▶ What you need to do: Say how many lines in the data below contain the word "Hpos", and give no other text.

▶ Material to process:
(* In the two-tier residency matching game described in the context with any list length $K\ge 1$ and $v\ge e/(e-1)$, under the large market approximation, the social welfare of the symmetric Nash equilibrium is at least half of the OPTIMUM welfare $2(v+r)n$; i.e., the loss of efficiency of equilibrium compared to OPTIMUM is at most a factor of $2$.
   Context: Model: there are $n$ high-tier and $rn$ low-tier doctors ($r>0$), and $n$ high-tier and $rn$ low-tier hospitals, each with one position. Every hospital prefers every high doctor to every low doctor and every doctor prefers every high hospital to every low hospital; within a tier, preferences are independent uniformly random permutations. Each doctor submits a ranked list of exactly $K$ hospitals: a strategy $(k,K-k)$ lists his $k$ most preferred high hospitals followed by his $K-k$ most preferred low hospitals. Hospitals submit full true rankings; doctor-proposing deferred acceptance is run. Values: a doctor gets $v>1$ if matched to a high hospital, $1$ if matched to a low one, $0$ if unmatched; a hospital gets $v$ if matched to a high doctor, $1$ if matched to a low doctor, $0$ if unfilled. Social welfare is the sum of the values of all doctors and hospitals. Large market approximation: $n\to\infty$ with $r,K,v$ fixed, and each application to a hospital is accepted independently with a probability determined by the aggregate strategy profile through fixed-point equations (expected matched doctors = expected hospitals receiving at least one admissible application; a hospital receiving on average $\lambda$ applications gets none with probability $e^{-\lambda}$; low doctors' applications to hospitals already taken by high doctors are rejected). Equilibrium: symmetric Nash equilibrium, all doctors of a tier using the same (possibly mixed) strategy, each maximizing expected value given the acceptance probabilities. OPTIMUM: the welfare $2(v+r)n$ of the matching in which every high doctor is matched to a high hospital and every low doctor to a low hospital (the deferred acceptance outcome with full lists). *)

From Stdlib Require Import Reals.
Open Scope R_scope.

Fixpoint geom (q : R) (m : nat) : R :=
  match m with
  | O => 0
  | S m' => geom q m' + q ^ m'
  end.

Definition sumK (K : nat) (f : nat -> R) : R := sum_f_R0 f K.

(* probability that at least one of m applications (each accepted
   independently with probability a) is accepted *)
Definition pmatch (a : R) (m : nat) : R := 1 - (1 - a) ^ m.

(* expected number of applications actually sent when going down a list of m
   hospitals, stopping at the first acceptance *)
Definition napps (a : R) (m : nat) : R := geom (1 - a) m.

(* A mixed strategy: x k = probability of strategy (k, K-k), k = 0..K. *)
Definition mixed (K : nat) (x : nat -> R) : Prop :=
  (forall k, (k <= K)%nat -> 0 <= x k) /\ sumK K x = 1.

Section Model.
Variables (K : nat) (r v : R) (x y : nat -> R) (aHH aHL aLH aLL : R).
(* x : mixed strategy of high doctors, y : of low doctors.
   aHH / aHL : acceptance prob. of a high doctor's application to a high / low
   hospital; aLH / aLL : same for a low doctor. *)

(* Prob. that a high (resp. low) doctor using (k, K-k) matches to a high /
   low hospital. *)
Definition pHH (k : nat) : R := pmatch aHH k.
Definition pHL (k : nat) : R := (1 - aHH) ^ k * pmatch aHL (K - k).
Definition pLH (k : nat) : R := pmatch aLH k.
Definition pLL (k : nat) : R := (1 - aLH) ^ k * pmatch aLL (K - k).

Definition utilH (k : nat) : R := v * pHH k + 1 * pHL k.
Definition utilL (k : nat) : R := v * pLH k + 1 * pLL k.

(* Expected numbers of matched pairs, divided by n
   (there are n high doctors and r n low doctors). *)
Definition MHH : R := sumK K (fun k => x k * pHH k).
Definition MHL : R := sumK K (fun k => x k * pHL k).
Definition MLH : R := r * sumK K (fun k => y k * pLH k).
Definition MLL : R := r * sumK K (fun k => y k * pLL k).

(* Average number of applications received per hospital. *)
(* high doctors -> each of the n high hospitals *)
Definition lamHH : R := sumK K (fun k => x k * napps aHH k).
(* high doctors -> each of the r n low hospitals *)
Definition lamHL : R :=
  sumK K (fun k => x k * ((1 - aHH) ^ k * napps aHL (K - k))) / r.
(* low doctors -> each high hospital (applications are spread uniformly, so a
   high hospital not taken by high doctors receives this many on average) *)
Definition muH : R := r * sumK K (fun k => y k * napps aLH k) / 1.
(* low doctors -> each low hospital *)
Definition muL : R :=
  r * sumK K (fun k => y k * ((1 - aLH) ^ k * napps aLL (K - k))) / r.

(* Fixed-point equations of the large market approximation:
   expected matched doctors = expected hospitals receiving at least one
   admissible application (Poisson: none with probability exp(-lambda));
   low doctors' applications to hospitals taken by high doctors are
   rejected, so only the fraction exp(-lamHH) (resp. exp(-lamHL)) of high
   (resp. low) hospitals is available to low doctors.
   When an acceptance probability is not determined because no application
   is ever sent (zero load), it is fixed to its limit value (1 for high
   doctors, the fraction of hospitals not taken by high doctors for low
   doctors). *)
Definition fixed_point : Prop :=
  (0 <= aHH <= 1 /\ 0 <= aHL <= 1 /\ 0 <= aLH <= 1 /\ 0 <= aLL <= 1) /\
  (MHH = 1 - exp (- lamHH) /\
   MHL = r * (1 - exp (- lamHL)) /\
   MLH = exp (- lamHH) * (1 - exp (- muH)) /\
   MLL = r * (exp (- lamHL) * (1 - exp (- muL)))) /\
  ((lamHH = 0 -> aHH = 1) /\
   (lamHL = 0 -> aHL = 1) /\
   (muH = 0 -> aLH = exp (- lamHH)) /\
   (muL = 0 -> aLL = exp (- lamHL))).

Definition sym_equilibrium : Prop :=
  mixed K x /\ mixed K y /\ fixed_point /\
  (forall k, (k <= K)%nat -> 0 < x k ->
     forall k', (k' <= K)%nat -> utilH k' <= utilH k) /\
  (forall k, (k <= K)%nat -> 0 < y k ->
     forall k', (k' <= K)%nat -> utilL k' <= utilL k).

Definition doctors_welfare : R := v * MHH + 1 * MHL + v * MLH + 1 * MLL.
Definition hospitals_welfare : R := v * MHH + 1 * MLH + v * MHL + 1 * MLL.
Definition social_welfare : R := doctors_welfare + hospitals_welfare.

End Model.

Definition optimum (r v : R) : R := 2 * (v + r).

From Stdlib Require Import Reals Lra Lia Psatz.
Open Scope R_scope.

(* Each doctor can deviate to a one-tier list: a high doctor listing only high
   hospitals gets at least [v * aHH], a low doctor listing only low hospitals
   gets at least [aLL], so in equilibrium the doctors' welfare is at least
   [v * aHH + r * aLL].  Since [1 - exp (-l) >= l * exp (-l)], the fixed-point
   equations force every acceptance probability to be at least the fraction
   of hospitals left without any application, i.e. [aHH >= exp (-lamHH)] and
   [aLL >= exp (-lamHL) * exp (-muL)].  These are exactly the masses of high
   and low hospitals that the hospitals' side of the welfare misses, so the
   two sides together add up to at least [v + r]. *)

Lemma geom_mul_one_sub (q : R) (m : nat) : (1 - q) * geom q m = 1 - q ^ m.
Proof. induction m as [|m IH]; simpl; [ring|]. rewrite Rmult_plus_distr_l, IH. ring. Qed.

Lemma pmatch_napps (a : R) (m : nat) : pmatch a m = a * napps a m.
Proof. unfold pmatch, napps. rewrite <- geom_mul_one_sub. ring. Qed.

Lemma geom_nonneg (q : R) (m : nat) : 0 <= q -> 0 <= geom q m.
Proof.
  intros Hq. induction m as [|m IH]; simpl; [lra|].
  pose proof (pow_le q m Hq). lra.
Qed.

Lemma napps_nonneg (a : R) (m : nat) : 0 <= a <= 1 -> 0 <= napps a m.
Proof. intros Ha. apply geom_nonneg. lra. Qed.

Lemma pmatch_nonneg (a : R) (m : nat) : 0 <= a <= 1 -> 0 <= pmatch a m.
Proof.
  intros Ha. rewrite pmatch_napps.
  apply Rmult_le_pos; [lra | now apply napps_nonneg].
Qed.

Lemma pmatch_ge (a : R) (m : nat) : 0 <= a <= 1 -> (1 <= m)%nat -> a <= pmatch a m.
Proof.
  intros Ha Hm. destruct m as [|m]; [lia|]. unfold pmatch. simpl.
  assert (Hpow : (1 - a) ^ m <= 1 ^ m) by (apply pow_incr; lra).
  rewrite pow1 in Hpow.
  nra.
Qed.

Lemma sum_f_R0_nonneg (f : nat -> R) (N : nat) :
  (forall k, (k <= N)%nat -> 0 <= f k) -> 0 <= sum_f_R0 f N.
Proof.
  intros Hf. apply Rle_trans with (sum_f_R0 (fun _ => 0) N).
  - rewrite sum_cte. lra.
  - now apply sum_Rle.
Qed.

Lemma mixed_mean_ge_best_response (K : nat) (x f : nat -> R) (k' : nat) :
  mixed K x -> (k' <= K)%nat ->
  (forall k, (k <= K)%nat -> 0 < x k -> forall k2, (k2 <= K)%nat -> f k2 <= f k) ->
  f k' <= sumK K (fun k => x k * f k).
Proof.
  intros [Hx Hsum] Hk' Hbest. unfold sumK in *.
  apply Rle_trans with (f k' * sum_f_R0 x K); [rewrite Hsum; lra|].
  rewrite scal_sum. apply sum_Rle. intros k Hk.
  destruct (Hx k Hk) as [Hpos|Hzero].
  - specialize (Hbest k Hk Hpos k' Hk'). nra.
  - rewrite <- Hzero. lra.
Qed.

Lemma mul_exp_neg_le (t : R) : t * exp (- t) <= 1 - exp (- t).
Proof.
  pose proof (exp_ineq1_le t). pose proof (exp_pos (- t)).
  assert (exp t * exp (- t) = 1) by (rewrite <- exp_plus, Rplus_opp_r; apply exp_0).
  nra.
Qed.

(* [a * l] applications accepted out of a load [l] fill the fraction
   [1 - exp (- l)] of [B] available hospitals. *)
Lemma fixed_point_acceptance_ge (a l B : R) :
  0 <= l -> 0 <= B -> a * l = B * (1 - exp (- l)) -> (l = 0 -> a = B) ->
  B * exp (- l) <= a.
Proof.
  intros [Hl|Hl] HB Hfill Hzero.
  - apply Rmult_le_reg_r with l; [exact Hl|].
    pose proof (mul_exp_neg_le l). nra.
  - subst l. rewrite Hzero by reflexivity. rewrite Ropp_0, exp_0. lra.
Qed.

Section Equilibrium.

Variables (K : nat) (r v : R) (x y : nat -> R) (aHH aHL aLH aLL : R).
Hypotheses (Hx : mixed K x) (Hy : mixed K y).
Hypotheses (HaHH : 0 <= aHH <= 1) (HaHL : 0 <= aHL <= 1)
           (HaLH : 0 <= aLH <= 1) (HaLL : 0 <= aLL <= 1).

Lemma high_doctors_value_eq :
  v * MHH K x aHH + 1 * MHL K x aHH aHL = sumK K (fun k => x k * utilH K v aHH aHL k).
Proof.
  unfold MHH, MHL, utilH, sumK. rewrite !scal_sum, <- sum_plus.
  apply sum_eq. intros. ring.
Qed.

Lemma low_doctors_value_eq :
  v * MLH K r y aLH + 1 * MLL K r y aLH aLL
  = r * sumK K (fun k => y k * utilL K v aLH aLL k).
Proof.
  unfold MLH, MLL, utilL, sumK. rewrite !scal_sum, <- sum_plus.
  apply sum_eq. intros. ring.
Qed.

Lemma MHH_eq : MHH K x aHH = aHH * lamHH K x aHH.
Proof.
  unfold MHH, lamHH, pHH, sumK. rewrite scal_sum.
  apply sum_eq. intros. rewrite pmatch_napps. ring.
Qed.

Lemma MLL_eq : r <> 0 -> MLL K r y aLH aLL = r * (aLL * muL K r y aLH aLL).
Proof.
  intros Hr.
  assert (Hmu : muL K r y aLH aLL
                = sumK K (fun k => y k * ((1 - aLH) ^ k * napps aLL (K - k))))
    by (unfold muL; field; exact Hr).
  rewrite Hmu. unfold MLL, pLL, sumK. rewrite (scal_sum _ _ aLL).
  f_equal. apply sum_eq. intros. rewrite pmatch_napps. ring.
Qed.

Lemma lamHH_nonneg : 0 <= lamHH K x aHH.
Proof.
  destruct Hx as [Hx0 _]. apply sum_f_R0_nonneg. intros k Hk.
  apply Rmult_le_pos; [now apply Hx0 | now apply napps_nonneg].
Qed.

Lemma muL_nonneg : 0 < r -> 0 <= muL K r y aLH aLL.
Proof.
  intros Hr. destruct Hy as [Hy0 _]. unfold muL.
  apply Rmult_le_pos; [apply Rmult_le_pos; [lra|] | left; now apply Rinv_0_lt_compat].
  apply sum_f_R0_nonneg. intros k Hk.
  apply Rmult_le_pos; [now apply Hy0|].
  apply Rmult_le_pos; [apply pow_le; lra | now apply napps_nonneg].
Qed.

Lemma MHL_nonneg : 0 <= MHL K x aHH aHL.
Proof.
  destruct Hx as [Hx0 _]. apply sum_f_R0_nonneg. intros k Hk.
  apply Rmult_le_pos; [now apply Hx0|].
  apply Rmult_le_pos; [apply pow_le; lra | now apply pmatch_nonneg].
Qed.

Lemma MLH_nonneg : 0 < r -> 0 <= MLH K r y aLH.
Proof.
  intros Hr. destruct Hy as [Hy0 _]. apply Rmult_le_pos; [lra|].
  apply sum_f_R0_nonneg. intros k Hk.
  apply Rmult_le_pos; [now apply Hy0 | now apply pmatch_nonneg].
Qed.

Lemma utilH_high_only_ge : (1 <= K)%nat -> 0 <= v -> v * aHH <= utilH K v aHH aHL K.
Proof.
  intros HK Hv. unfold utilH, pHH, pHL.
  pose proof (pmatch_ge aHH K HaHH HK).
  pose proof (pmatch_nonneg aHL (K - K) HaHL).
  pose proof (pow_le (1 - aHH) K ltac:(lra)).
  nra.
Qed.

Lemma utilL_low_only_ge : (1 <= K)%nat -> aLL <= utilL K v aLH aLL 0.
Proof.
  intros HK. unfold utilL, pLH, pLL. rewrite Nat.sub_0_r.
  pose proof (pmatch_ge aLL K HaLL HK).
  unfold pmatch at 1. simpl. lra.
Qed.

Lemma high_doctors_value_ge :
  (1 <= K)%nat -> 0 <= v ->
  MHH K x aHH = 1 - exp (- lamHH K x aHH) -> (lamHH K x aHH = 0 -> aHH = 1) ->
  (forall k, (k <= K)%nat -> 0 < x k ->
     forall k', (k' <= K)%nat -> utilH K v aHH aHL k' <= utilH K v aHH aHL k) ->
  v * exp (- lamHH K x aHH) <= v * MHH K x aHH + 1 * MHL K x aHH aHL.
Proof.
  intros HK Hv Hfill Hzero Hbest.
  assert (Hacc : 1 * exp (- lamHH K x aHH) <= aHH).
  { apply fixed_point_acceptance_ge; [apply lamHH_nonneg | lra | | exact Hzero].
    rewrite <- MHH_eq, Hfill. ring. }
  rewrite high_doctors_value_eq.
  apply Rle_trans with (v * aHH); [apply Rmult_le_compat_l; lra|].
  apply Rle_trans with (utilH K v aHH aHL K); [now apply utilH_high_only_ge|].
  now apply mixed_mean_ge_best_response.
Qed.

Lemma low_doctors_value_ge :
  (1 <= K)%nat -> 0 < r ->
  MLL K r y aLH aLL
  = r * (exp (- lamHL K r x aHH aHL) * (1 - exp (- muL K r y aLH aLL))) ->
  (muL K r y aLH aLL = 0 -> aLL = exp (- lamHL K r x aHH aHL)) ->
  (forall k, (k <= K)%nat -> 0 < y k ->
     forall k', (k' <= K)%nat -> utilL K v aLH aLL k' <= utilL K v aLH aLL k) ->
  r * (exp (- lamHL K r x aHH aHL) * exp (- muL K r y aLH aLL))
  <= v * MLH K r y aLH + 1 * MLL K r y aLH aLL.
Proof.
  intros HK Hr Hfill Hzero Hbest.
  assert (Hacc : exp (- lamHL K r x aHH aHL) * exp (- muL K r y aLH aLL) <= aLL).
  { apply fixed_point_acceptance_ge;
      [now apply muL_nonneg | left; apply exp_pos | | exact Hzero].
    apply Rmult_eq_reg_l with r; [|lra].
    rewrite <- MLL_eq, Hfill by lra. ring. }
  rewrite low_doctors_value_eq. apply Rmult_le_compat_l; [lra|].
  apply Rle_trans with aLL; [exact Hacc|].
  apply Rle_trans with (utilL K v aLH aLL 0); [now apply utilL_low_only_ge|].
  apply mixed_mean_ge_best_response; [exact Hy | lia | exact Hbest].
Qed.

End Equilibrium.

Theorem theorem2 :
  forall (K : nat) (r v : R),
    (1 <= K)%nat -> 0 < r -> 1 < v -> exp 1 / (exp 1 - 1) <= v ->
    forall (x y : nat -> R) (aHH aHL aLH aLL : R),
      sym_equilibrium K r v x y aHH aHL aLH aLL ->
      optimum r v / 2 <= social_welfare K r v x y aHH aHL aLH aLL.
Proof.
  (* The bound only needs [1 <= v]. *)
  intros K r v HK Hr Hv _ x y aHH aHL aLH aLL Heq.
  destruct Heq as (Hx & Hy & Hfp & HbestH & HbestL).
  destruct Hfp as ((HaHH & HaHL & HaLH & HaLL) & (EHH & EHL & _ & ELL) & (ZHH & _ & _ & ZLL)).
  pose proof (high_doctors_value_ge K v x aHH aHL Hx HaHH HaHL HK ltac:(lra) EHH ZHH HbestH).
  pose proof (low_doctors_value_ge K r v x y aHH aHL aLH aLL Hy HaLH HaLL HK Hr ELL ZLL HbestL).
  pose proof (MHL_nonneg K x aHH aHL Hx HaHH HaHL).
  pose proof (MLH_nonneg K r y aLH Hy HaLH Hr).
  unfold social_welfare, doctors_welfare, hospitals_welfare, optimum.
  set (eHH := exp (- lamHH K x aHH)) in *.
  set (eHL := exp (- lamHL K r x aHH aHL)) in *.
  set (eLL := exp (- muL K r y aLH aLL)) in *.
  nra.
Qed.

▶ Completed exercise: 2